What is needed –
Scan the records below for the line with "Lemma uniq_map_iotaP (T" and the line with "apply: contraTneq uniq_f => fk0.". Repeat those two lines and every line between them exactly, and nothing else.

Provided entries –
(* Let $q$ be a prime power, let $\mathcal{F}$ be a flag on $\mathbb{F}_{q^n}$ whose best friend is the subfield $\mathbb{F}_{q^m}$, and let $\beta\in\mathbb{F}_{q^n}^*$. Then $|\mathrm{Orb}_\beta(\mathcal{F})|=|\beta|$ if and only if $|\beta|$ and $q^m-1$ are coprime. In particular, this equality always holds if $q=2$ and $m=1$.
   Context: A flag on $\mathbb{F}_{q^n}$ is a sequence $(\mathcal{F}_1,\ldots,\mathcal{F}_r)$ of $\mathbb{F}_q$-subspaces with $\{0\}\subsetneq\mathcal{F}_1\subsetneq\cdots\subsetneq\mathcal{F}_r\subsetneq\mathbb{F}_{q^n}$. For $\beta\in\mathbb{F}_{q^n}^*$ of multiplicative order $|\beta|$, $\mathcal{F}\beta=(\mathcal{F}_1\beta,\ldots,\mathcal{F}_r\beta)$ with $\mathcal{U}\beta=\{u\beta:u\in\mathcal{U}\}$, and $\mathrm{Orb}_\beta(\mathcal{F})=\{\mathcal{F}\beta^j:0\le j\le|\beta|-1\}$. A subfield $\mathbb{F}_{q^m}$ is a friend of $\mathcal{F}$ if every $\mathcal{F}_i$ is an $\mathbb{F}_{q^m}$-vector space; the best friend is the largest friend. *)

From HB Require Import structures.
From mathcomp Require Import all_boot all_order all_algebra all_fingroup all_field.
Set Implicit Arguments. Unset Strict Implicit. Unset Printing Implicit Defensive.
Import GRing.Theory.
Local Open Scope ring_scope.

(* Setting: F = F_q a finite field, L = F_{q^n} a finite-dimensional field
   extension of F.  F_q-subspaces of L are the elements of {vspace L}. *)

Section FlagDefs.
Variables (F : finFieldType) (L : fieldExtType F).

Definition is_flag (fl : seq {vspace L}) : bool :=
  [&& sorted (fun U V : {vspace L} => (U <= V)%VS && (U != V)) fl,
      all (fun U : {vspace L} => U != 0%VS) fl &
      all (fun U : {vspace L} => U != fullv) fl].

Definition vs_mul (U : {vspace L}) (b : L) : {vspace L} := (U * <[b]>)%VS.

Definition flag_mul (fl : seq {vspace L}) (b : L) : seq {vspace L} :=
  map (fun U => vs_mul U b) fl.

Definition friend (fl : seq {vspace L}) (K : {subfield L}) : Prop :=
  forall U, U \in fl -> forall k u, k \in K -> u \in U -> k * u \in U.

Definition best_friend (fl : seq {vspace L}) (K : {subfield L}) : Prop :=
  friend fl K /\ forall K' : {subfield L}, friend fl K' -> (K' <= K)%VS.

End FlagDefs.

Definition orbit_flag (F : finFieldType) (L : fieldExtType F)
    (fl : seq {vspace L}) (b : {unit (finvect_type L)}) : seq (seq {vspace L}) :=
  undup [seq flag_mul fl (FinRing.uval b ^+ j : L) | j <- iota 0 #[b]%g].

From HB Require Import structures.
From mathcomp Require Import all_boot all_order all_algebra all_fingroup all_field.
Set Implicit Arguments. Unset Strict Implicit. Unset Printing Implicit Defensive.
Import GRing.Theory.

(* The stabiliser of a flag under multiplication consists of the nonzero
   elements of its best friend K: an element g fixing every F_i makes the
   whole field F_q(g) a friend, hence lies in K.  So F beta^i = F beta^j iff
   beta^(j-i) lies in K, i.e. by Fermat iff |beta| divides (j-i)(q^m - 1),
   and the orbit has |beta| elements exactly when no 0 < k < |beta| does
   this, i.e. when |beta| is coprime to q^m - 1. *)

Lemma coprime_ndvd_mulP (N M : nat) : 0 < N ->
  reflect (forall k, 0 < k < N -> ~~ (N %| k * M)) (coprime N M).
Proof.
move=> N_gt0; apply: (iffP idP) => [coNM k /andP[k_gt0 ltkN] | ndvdN].
  by rewrite Gauss_dvdl //; apply/negP => /(dvdn_leq k_gt0); rewrite leqNgt ltkN.
apply: contraT => ncoNM; set g := gcdn N M.
have g_gt0 : 0 < g by rewrite gcdn_gt0 N_gt0.
have g_gt1 : 1 < g by rewrite ltn_neqAle eq_sym ncoNM g_gt0.
have dvd_gN : g %| N := dvdn_gcdl N M.
have Ng_gt0 : 0 < N %/ g by rewrite divn_gt0 // dvdn_leq.
have ltNgN : 0 < N %/ g < N by rewrite Ng_gt0 ltn_Pdiv.
have := ndvdN _ ltNgN; rewrite -{1}(divnK dvd_gN) dvdn_pmul2l //.
by rewrite dvdn_gcdr.
Qed.

Lemma uniq_map_iotaP (T : eqType) (f : nat -> T) (N : nat) :
  (forall i k, f (i + k) = f i -> f k = f 0) ->
  reflect (forall k, 0 < k < N -> f k != f 0) (uniq [seq f j | j <- iota 0 N]).
Proof.
move=> f_shift; apply: (iffP idP) => [uniq_f k /andP[k_gt0 ltkN] | f_ne0].
  apply: contraTneq uniq_f => fk0.
  case: N ltkN => // N ltkN; rewrite /= -fk0 map_f // mem_iota k_gt0.
  by rewrite add1n.
rewrite map_inj_in_uniq ?iota_uniq // => i j; rewrite !mem_iota /= !add0n.
wlog le_ij : i j / i <= j => [WLOG iN jN fij|_ ltjN fij].
  by case: (leqP i j) => [|/ltnW] le; [|apply/esym]; apply: WLOG.
apply/eqP; rewrite eqn_leq le_ij leqNgt; apply/negP => lt_ij.
have lt_ji : 0 < j - i < N by rewrite subn_gt0 lt_ij (leq_ltn_trans (leq_subr i j)).
by have /eqP[] := f_ne0 _ lt_ji; apply: (f_shift i); rewrite subnKC // ltnW.
Qed.

Lemma map_eq_id_in (T : eqType) (f : T -> T) (s : seq T) :
  map f s = s -> {in s, f =1 id}.
Proof.
elim: s => //= x s IHs [fx_x fs_s] y; rewrite in_cons => /predU1P[-> // | ys].
exact: IHs.
Qed.

Section FlagMul.
Variables (F : finFieldType) (L : fieldExtType F).
Implicit Types (fl : seq {vspace L}) (K : {subfield L}) (a c g : L).
Local Open Scope ring_scope.

Lemma flag_mulA fl a c : flag_mul (flag_mul fl a) c = flag_mul fl (a * c).
Proof.
rewrite /flag_mul -map_comp; apply: eq_map => U /=.
by rewrite /vs_mul -prodvA prodv_line.
Qed.

Lemma flag_mul1 fl : flag_mul fl 1 = fl.
Proof. by rewrite /flag_mul map_id_in // => U _; rewrite /vs_mul prodv1. Qed.

Lemma flag_mulK fl a : a != 0 -> flag_mul (flag_mul fl a) a^-1 = fl.
Proof. by move=> a_neq0; rewrite flag_mulA mulfV ?flag_mul1. Qed.

Lemma friend_flag_mul_id fl K g : friend fl K -> g \in K -> g != 0 ->
  flag_mul fl g = fl.
Proof.
move=> friend_K gK g_neq0; rewrite /flag_mul map_id_in // => U Ufl /=.
apply/eqP; rewrite eqEdim dim_cosetv // leqnn andbT.
apply/prodvP => u _ uU /vlineP[c ->].
by rewrite mulrC friend_K // memvZ.
Qed.

Lemma flag_mul_id_friend fl g : flag_mul fl g = fl -> friend fl <<1; g>>%VS.
Proof.
move=> fl_g U Ufl k u /Fadjoin_polyP[p /polyOverP p1 ->] uU.
have gU v : v \in U -> g * v \in U.
  rewrite -[in X in _ -> X](map_eq_id_in fl_g Ufl) /vs_mul mulrC => vU.
  by rewrite memv_mul ?memv_line.
have gXU i : g ^+ i * u \in U.
  by elim: i => [|i IHi]; rewrite ?expr0 ?mul1r // exprS -mulrA gU.
rewrite horner_coef mulr_suml; apply: memv_suml => i _.
have /vlineP[c ->] := p1 i.
by rewrite -mulrA -scalerAl mul1r memvZ.
Qed.

Lemma best_friend_flag_mul_id fl K g : best_friend fl K -> g != 0 ->
  (flag_mul fl g == fl) = (g \in K).
Proof.
move=> [friend_K maxK] g_neq0; apply/eqP/idP => [fl_g | gK].
  by apply: subvP (maxK _ (flag_mul_id_friend fl_g)) _ (memv_adjoin _ _).
exact: friend_flag_mul_id friend_K gK g_neq0.
Qed.

Lemma unit_neq0 (b : {unit (finvect_type L)}) : (FinRing.uval b : L) != 0.
Proof. by rewrite -unitfE (valP b). Qed.

Lemma unitX_in_subfield K (b : {unit (finvect_type L)}) (k : nat) :
  ((FinRing.uval b : L) ^+ k \in K) = (#[b]%g %| k * (#|F| ^ \dim K).-1)%N.
Proof.
set beta : L := FinRing.uval b; set Q := (#|F| ^ \dim K)%N.
have beta_neq0 : beta != 0 := unit_neq0 b.
have Q_gt0 : (0 < Q)%N by rewrite expn_gt0; apply/orP; left; apply/card_gt0P; exists 0.
rewrite Fermat's_little_theorem -/Q -{1}(prednK Q_gt0) exprS.
rewrite -{3}(mulr1 (beta ^+ k)) (inj_eq (mulfI (expf_neq0 _ beta_neq0))) -exprM.
by rewrite cyclic.order_dvdn -(inj_eq val_inj) FinRing.val_unitX.
Qed.

Lemma size_orbit_flagP fl (b : {unit (finvect_type L)}) :
  reflect (forall k, (0 < k < #[b]%g)%N -> flag_mul fl ((FinRing.uval b : L) ^+ k) != fl)
          (size (orbit_flag fl b) == #[b]%g).
Proof.
set beta : L := FinRing.uval b; set f := fun j => flag_mul fl (beta ^+ j).
have beta_neq0 : beta != 0 := unit_neq0 b.
have f0 : f 0 = fl by rewrite /f expr0 flag_mul1.
have f_shift i k : f (i + k)%N = f i -> f k = f 0.
  rewrite f0 /f exprD mulrC -flag_mulA => fik.
  have beta_i_neq0 := expf_neq0 i beta_neq0.
  by rewrite -(flag_mulK (flag_mul fl _) beta_i_neq0) fik flag_mulK.
rewrite /orbit_flag -/beta -/f.
have -> : (size (undup [seq f j | j <- iota 0 #[b]%g]) == #[b]%g) =
          uniq [seq f j | j <- iota 0 #[b]%g].
  rewrite -[RHS]negbK -ltn_size_undup ltn_neqAle size_undup andbT negbK.
  by rewrite size_map size_iota.
by have := uniq_map_iotaP #[b]%g f_shift; rewrite f0.
Qed.

End FlagMul.

Theorem corollary4p3 (F : finFieldType) (L : fieldExtType F)
    (fl : seq {vspace L}) (K : {subfield L}) (b : {unit (finvect_type L)}) :
  is_flag fl -> best_friend fl K ->
  ((size (orbit_flag fl b) = #[b]%g) <-> coprime #[b]%g (#|F| ^ \dim K).-1) /\
  (#|F| = 2 -> \dim K = 1 -> size (orbit_flag fl b) = #[b]%g).
Proof.
move=> _ bfK; set Q := (#|F| ^ \dim K)%N.
have fixE k : (flag_mul fl ((FinRing.uval b : L) ^+ k)%R == fl) = (#[b]%g %| k * Q.-1).
  by rewrite (best_friend_flag_mul_id bfK) ?expf_neq0 ?unit_neq0 // unitX_in_subfield.
have size_orbitE : (size (orbit_flag fl b) = #[b]%g) <-> coprime #[b]%g Q.-1.
  split=> [/eqP/size_orbit_flagP fixN | /(coprime_ndvd_mulP _ (order_gt0 b)) ndvdN].
    by apply/(coprime_ndvd_mulP _ (order_gt0 b)) => k /fixN; rewrite fixE.
  by apply/eqP/size_orbit_flagP => k /ndvdN; rewrite fixE.
split=> // F2 K1; apply/size_orbitE.
by rewrite /Q F2 K1 coprimen1.
Qed.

Reply to the exercise –
Lemma uniq_map_iotaP (T : eqType) (f : nat -> T) (N : nat) :
  (forall i k, f (i + k) = f i -> f k = f 0) ->
  reflect (forall k, 0 < k < N -> f k != f 0) (uniq [seq f j | j <- iota 0 N]).
Proof.
move=> f_shift; apply: (iffP idP) => [uniq_f k /andP[k_gt0 ltkN] | f_ne0].
  apply: contraTneq uniq_f => fk0.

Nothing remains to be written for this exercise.